Great article, Catherine. A little tangent: I'm really fascinated by the private-public school debate. Curious to know how one decides. Catherine, do you have more to share about this subject? We're in a really good district so I scratch my head why people spend 20k to send their kids to private. Then again I sometimes feel guilty living in such a nice, well-funded town while other cities (families) struggle. It would be interesting to know more; maybe subject for another essay?

Anonymous said...

But socialism is the middle ground and kids who grow up in those environments DO have different perspectives on life...such as the idea that healthcare is a right not a privilege...it's one reason I left the US and moved to a socialist country...to allow my child to develop different ideals. Ideals that the environment/culture DOES support. Now I don't have to fight the system.

lahdidah said...

catherine-- nice piece. we're in the same boat about private school. and the only conversation one has about the issue where i live is along the lines of "we want what's best for our kids".

i, on the other hand, never imagined that my children would go to private school and now that they are, my conflicts about the issue haven't dissipated one bit.

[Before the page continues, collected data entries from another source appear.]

(* Let $p(n)$ be a function. For each function $L:\{0,1\}^n\to\{0,1\}$ let $|\psi_L\rangle$ be a $p(n)$-qubit state. Let $\mathcal{Q}$ be any (computationally unbounded) quantum algorithm that, on input $x\in\{0,1\}^n$, performs a measurement depending only on $x$ (and not on $L$) on $|\psi_L\rangle$ and outputs a bit $\mathcal{Q}(x,|\psi_L\rangle)$. Then $$\Pr_{x,L}[\mathcal{Q}(x,|\psi_L\rangle)=L(x)]\le\frac12+O\Big(\big(p(n)/2^n\big)^{1/3}\Big),$$ where $L$ is a uniformly random function and $x$ is uniform in $\{0,1\}^n$. *)

From HB Require Import structures.
From mathcomp Require Import all_boot all_order all_algebra.
From mathcomp Require Import reals exp.
From mathcomp Require Import complex.
Set Implicit Arguments. Unset Strict Implicit. Unset Printing Implicit Defensive.
Import Order.TTheory GRing.Theory Num.Theory.
Local Open Scope ring_scope.
Local Open Scope sesquilinear_scope.

Definition bits (n : nat) := n.-tuple bool.
Definition boolfun (n : nat) := {ffun bits n -> bool}.

Definition is_state (R : realType) (m : nat) (v : 'cV[R[i]]_(2 ^ m)) : Prop :=
  (v ^t* *m v) 0 0 = 1.

(* A two-outcome measurement (POVM {E, 1 - E}) on m qubits is given by its
   effect E for outcome 1: a Hermitian operator with 0 <= E <= 1. *)
Definition is_effect (R : realType) (m : nat) (E : 'M[R[i]]_(2 ^ m)) : Prop :=
  E ^t* = E /\
  forall v : 'cV[R[i]]_(2 ^ m),
    0 <= (v ^t* *m E *m v) 0 0 /\ (v ^t* *m E *m v) 0 0 <= (v ^t* *m v) 0 0.

Definition prob_one (R : realType) (m : nat) (E : 'M[R[i]]_(2 ^ m))
  (v : 'cV[R[i]]_(2 ^ m)) : R :=
  complex.Re ((v ^t* *m E *m v) 0 0).

(* Pr_{x,L}[ Q(x, |psi_L>) = L(x) ], x uniform in {0,1}^n, L uniform random
   function, where Q on input x measures with the POVM {E x, 1 - E x}
   and outputs the outcome. *)
Definition success_prob (R : realType) (n m : nat)
  (psi : boolfun n -> 'cV[R[i]]_(2 ^ m)) (E : bits n -> 'M[R[i]]_(2 ^ m)) : R :=
  (#|{: bits n}|%:R * #|{: boolfun n}|%:R)^-1 *
  \sum_(x : bits n) \sum_(L : boolfun n)
     (if L x then prob_one (E x) (psi L) else 1 - prob_one (E x) (psi L)).
Lemma a_q_ratio_close (q k n : nat) (M : R) :
  (2 <= q)%nat -> (12 <= k)%nat -> (INR q - 1) / INR q ^ S k * INR n <= M ->
  Rabs (INR (a_q q n (Z.of_nat k)) / (INR q ^ n * exp (- ((INR q - 1) / INR q ^ S k * INR n)))
        - 1) <= (3 + 6 * M) * (2 / INR k).
Proof.
  intros Hq Hk HM.
  destruct q as [|q]; [lia|]. destruct k as [|k]; [lia|].
  assert (HQ : 2 <= INR (S q)) by (apply (le_INR 2) in Hq; exact Hq).
  assert (Hk12 : 12 <= INR (S k)) by (apply (le_INR 12) in Hk; simpl in Hk |- *; lra).
  rewrite a_q_run_free, exp_Ropp.
  replace (INR (run_free q k n) / (INR (S q) ^ n * / exp ((INR (S q) - 1) / INR (S q) ^ S (S k) * INR n)))
    with (run_free_ratio q k n * exp ((INR (S q) - 1) / INR (S q) ^ S (S k) * INR n))
    by (unfold run_free_ratio; field; split; [apply Rgt_not_eq, exp_pos|apply Rgt_not_eq, INR_S_pow_pos]).
  apply (f_exp_close _ (S k) _ (1 / INR (S q) ^ S k)).
  - apply run_free_ratio_before.
  - apply run_free_ratio_at.
  - apply run_free_ratio_rec.
  - apply run_free_ratio_ge0.
  - apply Rdiv_nonneg; [lra|apply INR_S_pow_pos].
  - apply Rdiv_nonneg; [lra|apply INR_S_pow_pos].
  - lia.
  - apply rate_mul_run_le; [lra|lia].
  - apply Rmult_le_reg_r with (INR (S k)); [lra|]. field_simplify; lra.
  - apply run_penalty_le_rate; lra.
  - lia.
  - exact HM.
Qed.

Lemma Rceil_ge x : x <= IZR (Rceil x).
Proof.
  unfold Rceil. destruct (archimed (- x)) as [H1 H2].
  rewrite opp_IZR, minus_IZR. simpl. lra.
Qed.

Lemma ln_INR_pos q : (2 <= q)%nat -> 0 < ln (INR q).
Proof.
  intros Hq. rewrite <- ln_1. apply ln_increasing; [lra|].
  apply (le_INR 2) in Hq. simpl in Hq. lra.
Qed.

Lemma Rceil_logq_ge q m n :
  (2 <= q)%nat -> (q ^ m <= n)%nat -> (Z.of_nat m <= Rceil (logq q (INR n)))%Z.
Proof.
  intros Hq Hn. apply le_IZR. rewrite <- INR_IZR_INZ.
  eapply Rle_trans; [|apply Rceil_ge].
  pose proof (ln_INR_pos q Hq).
  assert (HQ : 0 < INR q) by (apply lt_0_INR; lia).
  assert (Hpow : INR q ^ m <= INR n) by (rewrite <- pow_INR; apply le_INR, Hn).
  assert (0 < INR q ^ m) by (apply pow_lt, HQ).
  unfold logq. apply Rmult_le_reg_r with (ln (INR q)); [lra|].
  replace (ln (INR n) / ln (INR q) * ln (INR q)) with (ln (INR n)) by (field; lra).
  rewrite <- ln_pow by lra.
  destruct Hpow as [Hlt|Heq]; [left; apply ln_increasing; lra|rewrite Heq; lra].
Qed.

Lemma Rpower_logq_sub q n j :
  (2 <= q)%nat -> (0 < n)%nat ->
  Rpower (INR q) (logq q (INR n) - INR j) = INR n / INR q ^ j.
Proof.
  intros Hq Hn. pose proof (ln_INR_pos q Hq).
  assert (HQ : 0 < INR q) by (apply lt_0_INR; lia).
  unfold Rminus. rewrite Rpower_plus, Rpower_Ropp, Rpower_pow by exact HQ.
  unfold Rpower at 1, logq.
  replace (ln (INR n) / ln (INR q) * ln (INR q)) with (ln (INR n)) by (field; lra).
  rewrite exp_ln by (apply lt_0_INR; exact Hn). reflexivity.
Qed.

Lemma run_length_bound_small C eps :
  0 < eps -> exists k0, (12 <= k0)%nat /\ forall k, (k0 <= k)%nat -> C * (2 / INR k) < eps.
Proof.
  intros Heps. destruct (INR_archimed eps (Rabs C * 2) Heps) as [N HN].
  exists (12 + N)%nat. split; [lia|]. intros k Hk.
  apply le_INR in Hk. rewrite plus_INR in Hk. replace (INR 12) with 12 in Hk by (simpl; ring).
  pose proof (pos_INR N). pose proof (Rle_abs C). pose proof (Rabs_pos C).
  apply Rmult_lt_reg_r with (INR k); [lra|].
  replace (C * (2 / INR k) * INR k) with (C * 2) by (field; lra).
  nra.
Qed.
Definition is_gap (n : nat) (O : finType) (M : O -> 'M[algC]_n) (A : {set O})
  (g : algC) : Prop :=
  exists lmax lmin, is_lambda_max (Msum M A) lmax /\
    is_lambda_min (Msum M A) lmin /\ g = lmax - lmin.

Definition is_max_gap (n : nat) (O : finType) (M : O -> 'M[algC]_n) (k : algC)
  : Prop :=
  (exists A, is_gap M A k) /\ (forall A g, is_gap M A g -> g <= k).

From Pilot Require Import Defs.
From HB Require Import structures.
From mathcomp Require Import all_boot all_order all_algebra all_field.
Import Order.TTheory GRing.Theory Num.Theory.
Local Open Scope ring_scope.

Set Implicit Arguments. Unset Strict Implicit.

(* For density matrices rho, sigma put a_i = tr(M_i (rho - sigma)).  These
   numbers are real and sum to tr(rho - sigma) = 0, so sum_i |a_i| is twice the
   sum of the a_i over A = {i | a_i >= 0}, and that sum is
   tr(M_A rho) - tr(M_A sigma) <= lambda_max(M_A) - lambda_min(M_A), because
   tr(H rho) is a convex combination of the eigenvalues of a Hermitian H.
   Conversely, for every A and unit eigenvectors psi, phi of M_A for its
   extreme eigenvalues, the choice rho = psi psi^*, sigma = phi phi^* gives
   sum_(i in A) a_i = lambda_max(M_A) - lambda_min(M_A), while
   2 sum_(i in A) a_i <= sum_i |a_i| holds for any real a_i summing to 0. *)

Lemma real_argmax (R : numDomainType) (I : finType) (i0 : I) (F : I -> R) :
  (forall i, F i \is Num.real) -> exists j, forall i, F i <= F j.
Proof.
move=> F_real.
suff [j le_j] : exists j, forall i, i \in enum I -> F i <= F j.
  by exists j => i; apply: le_j; rewrite mem_enum.
elim: (enum I) => [|a s [j le_j]]; first by exists i0.
have [le_aj | le_ja] := real_leP (F_real a) (F_real j).
- exists j => i; rewrite inE => /predU1P [-> //|]; exact: le_j.
- exists a => i; rewrite inE => /predU1P [-> //|/le_j le_ij].
  exact: le_trans le_ij (ltW le_ja).
Qed.

Lemma real_argmin (R : numDomainType) (I : finType) (i0 : I) (F : I -> R) :
  (forall i, F i \is Num.real) -> exists j, forall i, F j <= F i.
Proof.
move=> F_real; have [i|j le_j] := @real_argmax R I i0 (fun i => - F i).
  by rewrite realN.
by exists j => i; rewrite -lerN2 le_j.
Qed.

Section ZeroSum.
Variables (R : numDomainType) (I : finType) (a : I -> R).
Hypotheses (a_real : forall i, a i \is Num.real) (a_sum0 : \sum_i a i = 0).

Lemma sum_setC_zero_sum (A : {set I}) :
  \sum_(i in ~: A) a i = - \sum_(i in A) a i.
Proof.
have /eqP := a_sum0; rewrite (bigID (mem A)) /= addrC addr_eq0 => /eqP <-.
by apply: eq_bigl => i; rewrite in_setC.
Qed.

Lemma sum_norm_zero_sum :
  \sum_i `|a i| = 2 * \sum_(i in [set i | 0 <= a i]) a i.
Proof.
set A := [set i | 0 <= a i].
rewrite [LHS](bigID (mem A)) /= mulr_natl mulr2n; congr (_ + _).
  by apply: eq_bigr => i; rewrite inE => /ger0_norm.
rewrite -[RHS]opprK -sum_setC_zero_sum -sumrN; apply: eq_big => [i|i].
  by rewrite in_setC.
by rewrite inE real_leNgt ?real0 // negbK => /ltr0_norm.
Qed.

Lemma sum_norm_ge_zero_sum (A : {set I}) :
  2 * \sum_(i in A) a i <= \sum_i `|a i|.
Proof.
rewrite [X in _ <= X](bigID (mem A)) /= mulr_natl mulr2n.
have -> : \sum_(i | i \notin A) `|a i| = \sum_(i in ~: A) `|a i|.
  by apply: eq_bigl => i; rewrite in_setC.
apply: lerD; first by apply: ler_sum => i _; exact: real_ler_norm.
rewrite -[X in X <= _]opprK -sum_setC_zero_sum -sumrN.
by apply: ler_sum => i _; rewrite -normrN real_ler_norm ?rpredN.
Qed.

End ZeroSum.

Lemma adjmxK m p (A : 'M[algC]_(m, p)) : adjmx (adjmx A) = A.
Proof. by apply/matrixP => i j; rewrite !mxE conjCK. Qed.

Lemma adjmxM m p q (A : 'M[algC]_(m, p)) (B : 'M[algC]_(p, q)) :
  adjmx (A *m B) = adjmx B *m adjmx A.
Proof. by rewrite /adjmx map_mxM trmx_mul. Qed.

i'm always surprised that private school families seems to think that private schools are simply better and will produce a better person. it's so much more complicated than that and i was gratified to see you seem to be struggling with the same issue.

Anonymous said...

i appreciate this article also. it is very difficult to try to live and practice a certain style of compassion in this world. My 4 year old was playing baby Jesus, with a doll on a pillow, and my husband asked "who was Jesus?" and she responded "the guy who died". it's hard not confuse Harry Potter, Merlin and Yahweh right now. we are about to decide whether we have the hutspa (sp?) to homeschool or if we need the structure and disipline of some school. when we interact with kids that have been in daycare or school of any kind, she usually learns something bad, how to lie, to use "i hate you" as a weapon, how to cover (stand up for the look out is a good lesson, sometimes) but it has put us more onto homeschool for the "institutional" education we don't want our 4 yr old to learn yet.

Geoff Pinkerton said...

The defect of equality is that we only desire it with our superiors. - Henry Becque

If you transported the starving family or the Cuban family to an environment where they could have the choice to practice the socialist model or the "pinata" style of capitalism, you at best would find them wrestling with the same challenges you detail. My toddler instinctively wants more and more not just because I reinforce it but because he wants it.

A whole other topic is whether the world could sustainably support everyone attaining the same quality of life as first-world countries. Most articles I read on that topic say "no", even with technological advances. A major block is the fact that only a small percentage of the world's water is not salinated, and water is an essential ingredient to our quality of life.

Marabai said...

Yes! I struggle with living in a hyper-consumer based culture and raising children. I don't want my children to feel guilty for wanting things, and yet I feel strongly that material possessions should rank lower on the list than other humans, or the natural world for that matter. A few years ago I gave away my dryer b/c of all the electricity it used (and because my husband nagged me about it incessantly), and I still miss the convenience of drying the clothes quickly, and the soft warm feeling of the cotton. Growing up in this culture it is truly a process to transcend our yearning for conveniences and creature comforts, and I am not totally there yet. Yet, there must be a better, more equitable way to live. Thanks for your piece.

Anonymous said...

I am from the former USSR and will never return. From what I can see, welfare and many other programs are examples of socialism right here in the US and they don't appear to be sending the right message. The stream of people coming from my former eastern block region is still greater than those returning to all other regions combined. Why? Now that's answer you should probe rather than some upper middle class Utopian ideal.